Chercher un nouveau modèle économique

Pour survivre, la presse alternative doit nécessairement faire son introspection. Dès son éclosion, elle a toujours eu pour objectif principal de s’adresser à la population restée en Syrie. Mais la quasi impossibilité de distribuer sur place la contraint à se tourner davantage vers la diaspora. La majorité des 5,6 millions de réfugiés a trouvé asile en Turquie, mais les autorités contrôlent depuis 2015 plus étroitement les camps où vivent une partie des réfugiés. « Nous avons dû arrêter la distribution de Souriatna dans les camps en juin 2016 », assure Jawad Muna. C’est donc sur la toile que la presse syrienne pourra continuer à toucher ses lecteurs. « Nous développons de plus en plus notre site internet, dans lequel nous incluons des contenus numériques. Depuis un an, nous redonnons aussi un second souffle à notre chaîne YouTube, où nous produisons des web-séries, explique ainsi Jawad Sharbaji, rédacteur en chef de Enab Baladi. En octobre, nous avons comptabilisé 2,5 millions de visiteurs sur notre site. Beaucoup de nos lecteurs sont basés en Turquie, en Arabie saoudite ou en Allemagne« . Le rédacteur en chef de l’hebdomadaire reconnaît l’impératif d’inventer un nouveau modèle économique. « Nous essayons d’expliquer à nos lecteurs que nous avons besoin de leur financement pour continuer à exister. Toute indépendance a un prix. Et nous réfléchissons à financer notre site par de la publicité : nous sommes actuellement en contact avec des businessmen syriens en Turquie », poursuit Jawad Sharbaji.

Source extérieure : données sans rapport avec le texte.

(* Let $A$ be an associative algebra, $M$ an $A$-bimodule, and let $\{ T_\alpha : M \to A \}_{\alpha \in \Omega}$ and $\{ S_\alpha : M \to A \}_{\alpha \in \Omega}$ be two compatible $\mathcal{O}$-operator families. If the family $\{S_\alpha\}$ is invertible (each $S_\alpha$ is a linear isomorphism), then $\{ N_\alpha = T_{\alpha} \circ S_{\alpha}^{-1} : A \to A \}_{\alpha \in \Omega}$ is a Nijenhuis family on $A$. Likewise, if $\{T_\alpha\}$ is invertible, then $\{ N_\alpha = S_{\alpha} \circ T_{\alpha}^{-1} \}_{\alpha \in \Omega}$ is a Nijenhuis family on $A$.
   Context: $\Omega$ is a semigroup, $\mathbf{k}$ a field of characteristic $0$. An $\mathcal{O}$-operator family is a collection of linear maps $T_\alpha:M\to A$ with $T_\alpha(u) \cdot T_\beta(v) = T_{\alpha\beta}(T_\alpha(u) \cdot v + u \cdot T_\beta(v))$ for all $u,v\in M$, $\alpha,\beta\in\Omega$. Two $\mathcal{O}$-operator families $\{T_\alpha\},\{S_\alpha\}$ are compatible if $\{\lambda T_\alpha+\eta S_\alpha\}_{\alpha}$ is an $\mathcal{O}$-operator family for all $\lambda,\eta\in\mathbf{k}$. A Nijenhuis family is a collection of linear maps $N_\alpha:A\to A$ with $N_\alpha(a) \cdot N_\beta(b) = N_{\alpha \beta} \big( N_\alpha (a) \cdot b + a \cdot N_\beta(b) - N_{\alpha \beta}(a \cdot b) \big)$. *)

From HB Require Import structures.
From mathcomp Require Import all_boot all_order all_algebra.
Set Implicit Arguments. Unset Strict Implicit. Unset Printing Implicit Defensive.
Import GRing.Theory.
Local Open Scope ring_scope.

Definition is_assoc_algebra (k : fieldType) (A : lmodType k)
    (mulA : A -> A -> A) : Prop :=
  (forall a : A, linear (mulA a)) /\
  (forall b : A, linear (fun a => mulA a b)) /\
  (forall a b c : A, mulA (mulA a b) c = mulA a (mulA b c)).

Definition is_bimodule (k : fieldType) (A M : lmodType k)
    (mulA : A -> A -> A) (lact : A -> M -> M) (ract : M -> A -> M) : Prop :=
  (forall a : A, linear (lact a)) /\
  (forall m : M, linear (fun a => lact a m)) /\
  (forall m : M, linear (ract m)) /\
  (forall a : A, linear (fun m => ract m a)) /\
  (forall (a b : A) (m : M), lact (mulA a b) m = lact a (lact b m)) /\
  (forall (a b : A) (m : M), ract m (mulA a b) = ract (ract m a) b) /\
  (forall (a b : A) (m : M), ract (lact a m) b = lact a (ract m b)).

Definition is_semigroup (Omega : Type) (op : Omega -> Omega -> Omega) : Prop :=
  forall x y z, op (op x y) z = op x (op y z).

Definition O_operator_family (k : fieldType) (A M : lmodType k) (Omega : Type)
    (op : Omega -> Omega -> Omega) (mulA : A -> A -> A)
    (lact : A -> M -> M) (ract : M -> A -> M) (T : Omega -> M -> A) : Prop :=
  (forall al, linear (T al)) /\
  (forall (u v : M) (al be : Omega),
     mulA (T al u) (T be v) = T (op al be) (lact (T al u) v + ract u (T be v))).

Definition compatible_O_operator_families (k : fieldType) (A M : lmodType k)
    (Omega : Type) (op : Omega -> Omega -> Omega) (mulA : A -> A -> A)
    (lact : A -> M -> M) (ract : M -> A -> M) (T S : Omega -> M -> A) : Prop :=
  forall lam eta : k,
    O_operator_family op mulA lact ract (fun al u => lam *: T al u + eta *: S al u).

Definition Nijenhuis_family (k : fieldType) (A : lmodType k) (Omega : Type)
    (op : Omega -> Omega -> Omega) (mulA : A -> A -> A) (N : Omega -> A -> A) : Prop :=
  (forall al, linear (N al)) /\
  (forall (a b : A) (al be : Omega),
     mulA (N al a) (N be b) =
     N (op al be) (mulA (N al a) b + mulA a (N be b) - N (op al be) (mulA a b))).

From mathcomp Require Import all_boot all_order all_algebra.
Set Implicit Arguments. Unset Strict Implicit. Unset Printing Implicit Defensive.
Import GRing.Theory.
Local Open Scope ring_scope.

(* Write a = S_al u and b = S_be v.  Compatibility (at lam = eta = 1), after
   cancelling the O-operator identities of T and S, gives the cross identity
     T_al u * S_be v + S_al u * T_be v
       = T_(al be) (S_al u . v + u . S_be v) + S_(al be) (T_al u . v + u . T_be v).
   Since N_(al be) (a b) = T_(al be) (S_al u . v + u . S_be v) by the identity
   for S, the argument of N_(al be) in the Nijenhuis identity collapses to
   S_(al be) (T_al u . v + u . T_be v), whose image under N_(al be) is
   T_(al be) (T_al u . v + u . T_be v) = N_al a * N_be b. *)

Lemma linear_addr (k : fieldType) (U V : lmodType k) (f : U -> V) :
  linear f -> {morph f : x y / x + y}.
Proof. by move=> f_lin x y; rewrite -(scale1r x) f_lin !scale1r. Qed.

Lemma can2_linear_fun (k : fieldType) (U V : lmodType k) (f : U -> V) (g : V -> U) :
  linear f -> cancel f g -> cancel g f -> linear g.
Proof. by move=> f_lin fK gK a x y; apply: (can_inj fK); rewrite f_lin !gK. Qed.

Section CompatibleOOperatorFamilies.

Variables (k : fieldType) (Omega : Type) (op : Omega -> Omega -> Omega).
Variables (A M : lmodType k) (mulA : A -> A -> A).
Variables (lact : A -> M -> M) (ract : M -> A -> M).

Definition O_operator_cross (T S : Omega -> M -> A) : Prop :=
  forall (u v : M) (al be : Omega),
    mulA (T al u) (S be v) + mulA (S al u) (T be v) =
    T (op al be) (lact (S al u) v + ract u (S be v)) +
    S (op al be) (lact (T al u) v + ract u (T be v)).

Lemma O_operator_crossC (T S : Omega -> M -> A) :
  O_operator_cross T S -> O_operator_cross S T.
Proof. by move=> TS u v al be; rewrite addrC TS addrC. Qed.

Lemma compatible_O_operator_cross (T S : Omega -> M -> A) :
  (forall a, {morph mulA a : x y / x + y}) ->
  (forall b, {morph mulA^~ b : x y / x + y}) ->
  (forall m, {morph lact^~ m : x y / x + y}) ->
  (forall m, {morph ract m : x y / x + y}) ->
  O_operator_family op mulA lact ract T ->
  O_operator_family op mulA lact ract S ->
  compatible_O_operator_families op mulA lact ract T S ->
  O_operator_cross T S.
Proof.
move=> mulA_addr mulA_addl lact_addl ract_addr [T_lin T_O] [S_lin S_O] TS u v al be.
have := (TS 1 1).2 u v al be; rewrite !scale1r.
have -> : lact (T al u + S al u) v + ract u (T be v + S be v) =
    (lact (T al u) v + ract u (T be v)) + (lact (S al u) v + ract u (S be v)).
  by rewrite lact_addl ract_addr addrACA.
rewrite mulA_addr !mulA_addl (linear_addr (T_lin _)) (linear_addr (S_lin _)).
rewrite -T_O -S_O => sum_eq; rewrite addrC.
apply: (addrI (mulA (T al u) (T be v))); apply: (addIr (mulA (S al u) (S be v))).
by rewrite !addrA; rewrite !addrA in sum_eq.
Qed.

Lemma Nijenhuis_family_comp_inv (T S : Omega -> M -> A) (Sinv : Omega -> A -> M) :
  O_operator_family op mulA lact ract T ->
  O_operator_family op mulA lact ract S ->
  O_operator_cross T S ->
  (forall al, cancel (S al) (Sinv al) /\ cancel (Sinv al) (S al)) ->
  Nijenhuis_family op mulA (fun al => T al \o Sinv al).
Proof.
move=> [T_lin T_O] [S_lin S_O] TS Sinv_can; split.
  move=> al c x y /=; have [SK SinvK] := Sinv_can al.
  by rewrite (can2_linear_fun (S_lin al) SK SinvK) T_lin.
move=> a b al be /=.
have [SaK SinvaK] := Sinv_can al; have [SbK SinvbK] := Sinv_can be.
have [SabK _] := Sinv_can (op al be).
rewrite -(SinvaK a) -(SinvbK b) SaK SbK.
move: (Sinv al a) (Sinv be b) => u v.
by rewrite S_O SabK TS [T _ _ + _]addrC addrK SabK T_O.
Qed.

End CompatibleOOperatorFamilies.

Theorem proposition2p10 (k : fieldType) (Omega : Type)
    (op : Omega -> Omega -> Omega) (A M : lmodType k)
    (mulA : A -> A -> A) (lact : A -> M -> M) (ract : M -> A -> M)
    (T S : Omega -> M -> A) :
  [pchar k] =i pred0 ->
  is_semigroup op ->
  is_assoc_algebra mulA ->
  is_bimodule mulA lact ract ->
  O_operator_family op mulA lact ract T ->
  O_operator_family op mulA lact ract S ->
  compatible_O_operator_families op mulA lact ract T S ->
  (forall Sinv : Omega -> A -> M,
     (forall al, cancel (S al) (Sinv al) /\ cancel (Sinv al) (S al)) ->
     Nijenhuis_family op mulA (fun al => T al \o Sinv al)) /\
  (forall Tinv : Omega -> A -> M,
     (forall al, cancel (T al) (Tinv al) /\ cancel (Tinv al) (T al)) ->
     Nijenhuis_family op mulA (fun al => S al \o Tinv al)).
Proof.
move=> _ _ [mulA_lin [mulA_linl _]] [_ [lact_linl [ract_lin _]]] T_O S_O TS.
have cross : O_operator_cross op mulA lact ract T S.
  apply: compatible_O_operator_cross T_O S_O TS => x;
    exact: linear_addr.
split=> inv inv_can.
  exact: Nijenhuis_family_comp_inv T_O S_O cross inv_can.
exact: Nijenhuis_family_comp_inv S_O T_O (O_operator_crossC cross) inv_can.
Qed.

« Bachar ne pourra plus nous enlever la liberté d’expression »

Sept années après le début de la révolte syrienne, quel bilan tirer pour la presse syrienne alternative ? « Certes, elle a encore un certain nombre de défauts : peu de sources sont citées dans les articles et on manque d’enquêtes approfondies, affirme Ayman Mhanna. Mais les journalistes sont beaucoup plus professionnels et produisent du contenu de qualité, avec un langage qui attise peu les tensions communautaires ou politiques, malgré un contexte de guerre« . La presse s’est aussi féminisée. « Depuis trois ans, on compte davantage de journalistes femmes, de thématiques liées aux femmes et de femmes citées dans les articles. Mais il est difficile de savoir si c’est une tendance structurelle« , observe Yazan Badran. Jawad Muna, de Souriatna, veut rester optimiste. « La grande différence par rapport à avant 2011, c’est que les Syriens disposent désormais du choix de s’informer. Même si Bachar al Assad reprend le contrôle de tout le territoire, il ne pourra plus nous enlever la liberté d’expression ».